Hey, ich hab ein Problem.

Ich hab ein Div in dem Div, sind 3 spans. Das Div selbst erhält font-size: 20pt; Auf meinem Rechner scheint die Schrift so wie sie soll, auf einem anderen Rechner mit höheren Bildschirmauflösung wird sie super klein woran kann das bitte liegen.

Hab die selben Browser mit gleicher Versionssnummer. Wirklich der einzige Unterschied ist die Bildschirmauflösung.


----------



## SpiceLab (11. August 2015)

gd0123456 hat gesagt.:


> Das Div selbst erhält font-size: 20pt


Die Einheit_* pt*_ führt bei unterschiedlichen Bildschirmauflösungen immer zu Diskrepanzen, und ist für Druck-Stylesheets ausgelegt.

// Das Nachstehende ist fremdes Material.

Lemma ndvdp_denq q : nrm (ratr q) <= 1 -> ~~ (p %| `|denq q|)%N.
Proof.
move=> hq; apply/negP => pd.
have pNa : ~~ (p %| `|numq q|)%N.
  apply/negP => pa; have := coprime_num_den q; rewrite /coprime => /eqP cop.
  have : (p %| gcdn `|numq q| `|denq q|)%N by rewrite dvdn_gcd pa pd.
  by rewrite cop dvdn1 => /eqP p1; move: p_prime; rewrite p1.
have d_gt0 := nrm_intr_gt0 (denq_neq0 q).
move: hq; rewrite [ratr q]/(_ / _) nrmM nrmV nrm_intr_ndvdp // mul1r.
rewrite invf_le1 // => d_ge1.
have := le_trans d_ge1 (nrm_intr_dvdp pd).
by rewrite invf_ge1 ?pR_gt0 // leNgt pR_gt1.
Qed.

Lemma residue_rat q : nrm (ratr q) <= 1 ->
  exists i : 'I_p, nrm (ratr q - i%:R) <= p%:R^-1.
Proof.
move=> hq; set a := numq q; set d := denq q.
have pNd : ~~ (p %| `|d|)%N := ndvdp_denq hq.
have d0 : d%:~R != 0 :> K := nrm_eq1_neq0 (nrm_intr_ndvdp pNd).
have cz : coprimez d p by rewrite coprimezE coprime_sym prime_coprime.
have [u [v]] := Bezoutz d p; rewrite (eqP cz) => uv.
have p0 : p%:Z != 0 by rewrite eqz_nat gtn_eqF ?prime_gt0.
set i := ((a * u) %% p)%Z; set w := ((a * u) %/ p)%Z.
have i0 : 0 <= i by rewrite modz_ge0.
have ip : (`|i| < p)%N by rewrite -ltz_nat gez0_abs // ltz_pmod // ltz_nat prime_gt0.
exists (Ordinal ip).
have ai : a - i * d = (a * v + w * d) * p.
  have -> : i = a * u - w * p.
    by rewrite [a * u](divz_eq _ p) -/w -/i addrAC subrr add0r.
  rewrite {1}(_ : a = a * (u * d + v * p)); last by rewrite uv mulr1.
  ring.
have -> : ratr q - (Ordinal ip)%:R = (a - i * d)%:~R / d%:~R :> K.
  rewrite -[(Ordinal ip)%:R]/((Posz `|i|)%:~R) gez0_abs // intrB intrM mulrBl.
  by rewrite -mulrA mulfV // mulr1.
rewrite nrmM nrmV (nrm_intr_ndvdp pNd) invr1 mulr1 ai.
by apply: nrm_intr_dvdp; rewrite abszM dvdn_mull.
Qed.

Lemma residue x : nrm x <= 1 -> exists i : 'I_p, nrm (x - i%:R) <= p%:R^-1.
Proof.
move=> hx; have pinv_gt0 : 0 < p%:R^-1 :> R by rewrite invr_gt0 pR_gt0.
have [q hq] := nrm_dense x pinv_gt0.
have q1 : nrm (ratr q : K) <= 1.
  rewrite -[ratr q](subKr x); apply: nrmD_le => //.
  by rewrite nrmN ltW // (lt_trans hq pinv_lt1).
have [i hi] := residue_rat q1; exists i.
by rewrite -(subrKA (ratr q)); apply: nrmD_le => //; rewrite ltW.
Qed.

Section Compact.
Variable n : nat.
Local Notation S := (@Ttil R K nrm n).
Implicit Types A B C L : 'M[K]_n.

(* A ball of radius [|lam|] is covered by the [p ^ (n * n)] balls of radius
   [|lam p|] centred at [c + lam T], [T] a matrix of digits. *)
Definition digit_mx (T : {ffun 'I_n * 'I_n -> 'I_p}) : 'M[K]_n :=
  \matrix_(i, j) (T (i, j))%:R.

Lemma mdist_digit c lam T : mdist nrm (c + lam *: digit_mx T) c <= nrm lam.
Proof.
rewrite mdist_mnorm addrAC subrr add0r.
apply: mnorm_le => [|i j]; first exact: nrm_ge0.
by rewrite !mxE nrmM ler_piMr ?nrm_ge0 ?nrm_natr_le1.
Qed.

Lemma mdist_split c lam A : lam != 0 -> mdist nrm A c <= nrm lam ->
  exists T, mdist nrm A (c + lam *: digit_mx T) <= nrm (lam * p%:R).
Proof.
move=> lam0 hA.
have digit ij : exists t : 'I_p,
    nrm (A ij.1 ij.2 - c ij.1 ij.2 - lam * t%:R) <= nrm (lam * p%:R).
  have y1 : nrm ((A ij.1 ij.2 - c ij.1 ij.2) / lam) <= 1.
    by rewrite nrmM nrmV ler_pdivrMr ?nrm_gt0 // mul1r (le_trans (mdist_entry _ _ _ _)).
  have [t ht] := residue y1; exists t.
  rewrite -[X in X - _](mulKf lam0) mulrCA -mulrBr !nrmM nrm_natr_p.
  by apply: ler_wpM2l; rewrite ?nrm_ge0 // mulrC.
have [T hT] := fin_all_exists digit; exists (finfun T).
apply: mdist_le => [|i j]; first exact: nrm_ge0.
by rewrite !mxE ffunE opprD addrA; apply: hT (i, j).
Qed.

Lemma uncovered_split I (U : I -> mset K n) (C : mset K n) c lam : lam != 0 ->
  ~ fcover U (fun A => C A /\ mdist nrm A c <= nrm lam) ->
  exists T, ~ fcover U (fun A =>
    C A /\ mdist nrm A (c + lam *: digit_mx T) <= nrm (lam * p%:R)).
Proof.
move=> lam0 nC; apply: Classical_Prop.NNPP => allC; apply: nC.
apply: (@fcover_sub _ _ _ _ (fun A => exists2 T, T \in enum {ffun 'I_n * 'I_n -> 'I_p} &
          C A /\ mdist nrm A (c + lam *: digit_mx T) <= nrm (lam * p%:R))).
  by move=> A [CA /(mdist_split lam0)[T hT]]; exists T; rewrite ?mem_enum.
apply: fcover_bigcup => T _; apply: Classical_Prop.NNPP => nT.
by apply: allC; exists T.
Qed.

Lemma uncovered_nested I (U : I -> mset K n) (C : mset K n) lam : lam != 0 ->
  (forall A, C A -> mnorm A <= nrm lam) -> ~ fcover U C ->
  exists u : nat -> 'M[K]_n, forall k,
    ~ fcover U (fun A => C A /\ mdist nrm A (u k) <= nrm (lam * p%:R ^+ k)) /\
    mdist nrm (u k.+1) (u k) <= nrm (lam * p%:R ^+ k).
Proof.
move=> lam0 Cb nC.
have pk0 k : lam * p%:R ^+ k != 0.
  by rewrite mulf_neq0 // expf_neq0 // natr_p_neq0.
apply: (@dependent_choice _
  (fun k c => ~ fcover U (fun A => C A /\ mdist nrm A c <= nrm (lam * p%:R ^+ k)))
  (fun k c c' => mdist nrm c' c <= nrm (lam * p%:R ^+ k)) 0).
  apply: contra_not nC; apply: fcover_sub => A CA.
  by rewrite expr0 mulr1 -/(mnorm A) Cb.
move=> k c /(uncovered_split (pk0 k))[T hT]; exists (c + lam * p%:R ^+ k *: digit_mx T).
  by rewrite exprSr mulrA.
exact: mdist_digit.
Qed.

Lemma mx_cauchy_limit (u : nat -> 'M[K]_n) (r : nat -> R) :
  (forall k l, (k <= l)%N -> mdist nrm (u l) (u k) <= r k) ->
  (forall e, 0 < e -> exists k, r k < e) ->
  exists L, forall k, mdist nrm L (u k) <= r k.
Proof.
move=> ur r_small.
have u_close k l m : (k <= l)%N -> (k <= m)%N -> forall i j, nrm (u l i j - u m i j) <= r k.
  move=> kl km i j; rewrite -(subrKA (u k i j)); apply: nrmD_le.
    exact: le_trans (mdist_entry _ _ i j) (ur _ _ kl).
  by rewrite nrm_distC; apply: le_trans (mdist_entry _ _ i j) (ur _ _ km).
have lim (ij : 'I_n * 'I_n) : exists l, forall e, 0 < e ->
    exists N, forall m, (N <= m)%N -> nrm (u m ij.1 ij.2 - l) < e.
  apply: nrm_complete => e e0; have [k rk] := r_small e e0.
  by exists k => l m kl km; apply: le_lt_trans (u_close k l m kl km _ _) rk.
have [Lf hLf] := fin_all_exists lim; exists (\matrix_(i, j) Lf (i, j)) => k.
have rk0 : 0 <= r k := le_trans (mdist_ge0 _ _) (ur k k (leqnn k)).
apply: mdist_le => // i j; rewrite mxE; apply: le_max_eps => // e e0.
have [N hN] := hLf (i, j) e e0; set m := maxn N k.
rewrite -(subrKA (u m i j)); apply: le_trans (nrm_ultra _ _) _; rewrite maxC.
apply: le_max2; first exact: u_close (leq_maxr N k) (leqnn k) i j.
by rewrite nrm_distC ltW // hN // leq_maxl.
Qed.

Lemma Ttil_of_limit L : (forall e, 0 < e -> exists2 X, S X & mdist nrm L X < e) -> S L.
Proof.
move=> near.
have uL : upper L.
  move=> j k kj; apply/nrm_eq0/eqP; rewrite eq_le nrm_ge0 andbT.
  apply: le_max_eps (lexx 0) _ => e e0; have [X hX LX] := near e e0.
  have := mdist_entry L X j k; rewrite (Ttil_upper hX) // subr0 => /le_lt_trans/(_ LX).
  by rewrite le_max => /ltW->; rewrite orbT.
have dL j : nrm (L j j) = 1.
  have [X hX LX] := near 1 ltr01; apply: nrm_eq1_close (Ttil_diag j hX) _.
  by rewrite nrm_distC; apply: le_lt_trans (mdist_entry _ _ j j) LX.
split=> //; apply: unitmx_upper => // j; exact: nrm_eq1_neq0.
Qed.

Lemma closed_in_of_limit (C : mset K n) L : closed_in nrm S C -> S L ->
  (forall e, 0 < e -> exists2 X, C X & mdist nrm L X < e) -> C L.
Proof.
move=> [CS [_ hO]] hL near; apply: Classical_Prop.NNPP => nCL.
have [e e0 he] := hO L (conj hL nCL); have [X CX LX] := near e e0.
by case: (he X (CS X CX) LX).
Qed.

(* Subdivision argument: if [C] had no finite subcover, nested balls of
   radii [p ^ (m - k)] would each meet [C] without finite subcover, and
   their centres would converge to a point of [C] lying in some [U i]. *)
Lemma compact_of_closed_bounded (C : mset K n) b : closed_in nrm S C ->
  (forall A, C A -> mnorm A <= b) -> compact_in nrm S C.
Proof.
move=> hC Cb; have CS : forall A, C A -> S A by case: hC.
split=> // I U hU hcov; apply: Classical_Prop.NNPP => nC.
have [m bm] := pexp_gt b; pose lam : K := (p%:R ^+ m)^-1.
have lam0 : lam != 0 by rewrite invr_eq0 expf_neq0 ?natr_p_neq0.
have Clam A : C A -> mnorm A <= nrm lam.
  by move=> CA; rewrite nrmV nrm_pexp invrK (le_trans (Cb A CA)) ?ltW.
have [u hu] := uncovered_nested lam0 Clam nC.
have [L hL] : exists L, forall k, mdist nrm L (u k) <= nrm (lam * p%:R ^+ k).
  apply: mx_cauchy_limit (fun e => nrm_pexp_small lam (e:=e)).
  apply: mdist_telescope => [k l|k]; first exact: nrm_pexp_antitone.
  exact: proj2 (hu k).
have near_ball k A : mdist nrm A (u k) <= nrm (lam * p%:R ^+ k) ->
    mdist nrm L A <= nrm (lam * p%:R ^+ k).
  move=> uA; apply: le_trans (mdist_ultra _ (u k) _) _.
  by rewrite ge_max hL mdistC.
have near e : 0 < e -> exists2 X, C X & mdist nrm L X < e.
  move=> e0; have [k rk] := nrm_pexp_small lam e0.
  have [X [CX uX]] : exists X, C X /\ mdist nrm X (u k) <= nrm (lam * p%:R ^+ k).
    apply: Classical_Prop.NNPP => nX; apply: (proj1 (hu k)).
    by apply: fcover0 => A hA; apply: nX; exists A.
  by exists X => //; apply: le_lt_trans (near_ball k X uX) rk.
have LC : C L.
  apply: closed_in_of_limit hC _ (near); apply: Ttil_of_limit => e /near[X CX LX].
  by exists X; first exact: CS.
have [i Ui] := hcov L LC; have [e e0 he] := proj2 (hU i) L Ui.
have [k rk] := nrm_pexp_small lam e0.
apply: (proj1 (hu k)); exists 1%N, (fun _ => i) => A [CA uA]; exists ord0.
exact: he (CS A CA) (le_lt_trans (near_ball k A uA) rk).
Qed.

Lemma proper_dL : proper_sm nrm S (dL nrm).
Proof.
move=> C hC [x [r [hx xr]]].
apply: (compact_of_closed_bounded (b := mnorm x * Num.max 1 r ^+ n)) => // y /xr[hy xy].
have hZ : S (invmx x *m y) := Ttil_mul (Ttil_inv hx) hy.
rewrite -(mulKVmx (Ttil_unit hx) y); apply: le_trans (mnormM _ _) _.
apply: ler_wpM2l; first exact: mnorm_ge0.
apply: mnorm_le_Nfun hZ _ _; first by rewrite le_max lexx.
by rewrite -[Nfun _ _]/(dL nrm y x) dLC // le_max (ltW xy) orbT.
Qed.

Lemma proper_dR : proper_sm nrm S (dR nrm).
Proof.
move=> C hC [x [r [hx xr]]].
apply: (compact_of_closed_bounded (b := Num.max 1 r ^+ n * mnorm x)) => // y /xr[hy xy].
have hZ : S (y *m invmx x) := Ttil_mul hy (Ttil_inv hx).
rewrite -(mulmxKV (Ttil_unit hx) y); apply: le_trans (mnormM _ _) _.
apply: ler_wpM2r; first exact: mnorm_ge0.
apply: mnorm_le_Nfun hZ _ _; first by rewrite le_max lexx.
by rewrite -[Nfun _ _]/(dR nrm y x) dRC // le_max (ltW xy) orbT.
Qed.

Lemma compact_Nball (M : R) : 1 <= M -> compact_in nrm S (Nball M).
Proof.
move=> M1; have M0 : 0 <= M := le_trans ler01 M1.
apply: (compact_of_closed_bounded (b := M ^+ n)); first exact: closed_Nball.
by move=> A [hA NA]; apply: mnorm_le_Nfun.
Qed.

(* A compact set is covered by the open sets [Nball (k + 1)], hence by one of them. *)
Lemma large_compact_open_subgroups_Ttil : large_compact_open_subgroups nrm S.
Proof.
move=> C [CS Ccomp].
have Ccov A : C A -> exists k : nat, Nball k.+1%:R A.
  move=> CA; have NA0 := Nfun_ge0 A; exists (Num.Def.archi_bound (Nfun nrm A)).
  by split; [exact: CS | rewrite ltW // (lt_le_trans (archi_boundP NA0)) // ler_nat].
have [m [f hf]] := Ccomp nat (fun k => Nball k.+1%:R)
  (fun k => open_Nball n (ltr0Sn _ _)) Ccov.
pose M : R := (\max_(j < m) f j).+1%:R.
have M1 : 1 <= M by rewrite ler1n.
exists (Nball M); split.
- exact/subgroup_Nball/(le_trans ler01 M1).
- exact/open_Nball/(lt_le_trans ltr01 M1).
- exact: compact_Nball.
move=> A /hf[j [hA NA]]; split => //; apply: le_trans NA _.
by rewrite ler_nat ltnS (leq_bigmax_cond _ isT : f j <= _)%N.
Qed.

End Compact.
End Padic.
End NonArchimedean.

Theorem mainTheorem12 (p : nat) (R : realType) (K : fieldType) (nrm : K -> R)
  (n : nat) :
  prime p -> is_Qp p nrm -> (0 < n)%N ->
  let S : mset K n := Ttil nrm in
  let dLD := fun A A' : 'M[K]_n => Num.max (dL nrm A A') (Dfun nrm A A') in
  let dRD := fun A A' : 'M[K]_n => Num.max (dR nrm A A') (Dfun nrm A A') in
  ((forall A A', S A -> S A' ->
      Nfun nrm (A *m A') <= Num.max (Nfun nrm A) (Nfun nrm A')) /\
   (forall A, S A -> Nfun nrm (invmx A) = Nfun nrm A)) /\
  [/\ semi_ultrametric S (dL nrm), left_invariant S (dL nrm),
      compatible nrm S (dL nrm) & proper_sm nrm S (dL nrm)] /\
  [/\ semi_ultrametric S (dR nrm), right_invariant S (dR nrm),
      compatible nrm S (dR nrm) & proper_sm nrm S (dR nrm)] /\
  large_compact_open_subgroups nrm S /\
  [/\ semi_ultrametric S (Dfun nrm), left_invariant S (Dfun nrm)
      & right_invariant S (Dfun nrm)] /\
  [/\ ultrametric S dLD, left_invariant S dLD & determines_topology nrm S dLD] /\
  [/\ ultrametric S dRD, right_invariant S dRD & determines_topology nrm S dRD].
Proof.
move=> p_prime HQ _ S dLD dRD; have nrmP := is_Qp_nonarch HQ.
have [[_ _ _ _ nrm_ratr] [nrm_complete nrm_dense]] := HQ.
have properL := proper_dL nrmP p_prime nrm_ratr nrm_complete nrm_dense (n := n).
have properR := proper_dR nrmP p_prime nrm_ratr nrm_complete nrm_dense (n := n).
have lcos := large_compact_open_subgroups_Ttil nrmP p_prime nrm_ratr nrm_complete
  nrm_dense (n := n).
split; first by split=> *; [apply: NfunM | apply: NfunV].
split.
  split; [by apply: semi_ultrametric_dL | by apply: left_invariant_dL | | by []].
  by apply: compatible_of_coarser; [apply: semi_ultrametric_dL | apply: coarser_dL].
split.
  split; [by apply: semi_ultrametric_dR | by apply: right_invariant_dR | | by []].
  by apply: compatible_of_coarser; [apply: semi_ultrametric_dR | apply: coarser_dR].
split; first by [].
split.
  by split; [apply: semi_ultrametric_Dfun | apply: left_invariant_Dfun
            | apply: right_invariant_Dfun].
split; split; [by apply: ultrametric_dLD | by apply: left_invariant_dLD | |
               by apply: ultrametric_dRD | by apply: right_invariant_dRD |].
  apply: determines_topology_of; last by apply: finer_dLD.
  by apply: coarser_max_Dfun; apply: coarser_dL.
apply: determines_topology_of; last by apply: finer_dRD.
by apply: coarser_max_Dfun; apply: coarser_dR.
Qed.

Die Sache mit den Schriftgrößen und Umgang mit CSS-Einheiten, kurz erklärt


----------



## gd0123456 (11. August 2015)

mir ist nicht klar warum bei einem gaanz klein ist, beim anderen groß, hab schon alle einheiten ausprobiert


----------



## SpiceLab (11. August 2015)

gd0123456 hat gesagt.:


> mir ist nicht klar warum bei einem gaanz klein ist, beim anderen groß


Punktdichte ist das Stichwort.

Und die unterscheidet sich bei den beiden Monitoren.


----------



## gd0123456 (11. August 2015)

Wie gesagt hab schon alles ausprobiert. Dort mit hören BildschirmAuflösung ist es zu klein. Und bei meinem laptop passt es.


----------



## gd0123456 (11. August 2015)

Also em rem px pt etc. Es macht keinen unt er schied. Das was am Bild zu sehen ist wurde mit em gemacht.


----------



## rince1984 (25. August 2015)

Eventuell helfen dir CSS Media Queries weiter. Folgend ein Link mit einer Erklärung.

http://www.mediaevent.de/css/media-query.html

Mit Media Queries kannst du auf den Viewport des Clientgeräts eingehen. Dabei gehst du auf verschiedene Größen ein und machst dann entsprechend deine Einstellungen im CSS.


----------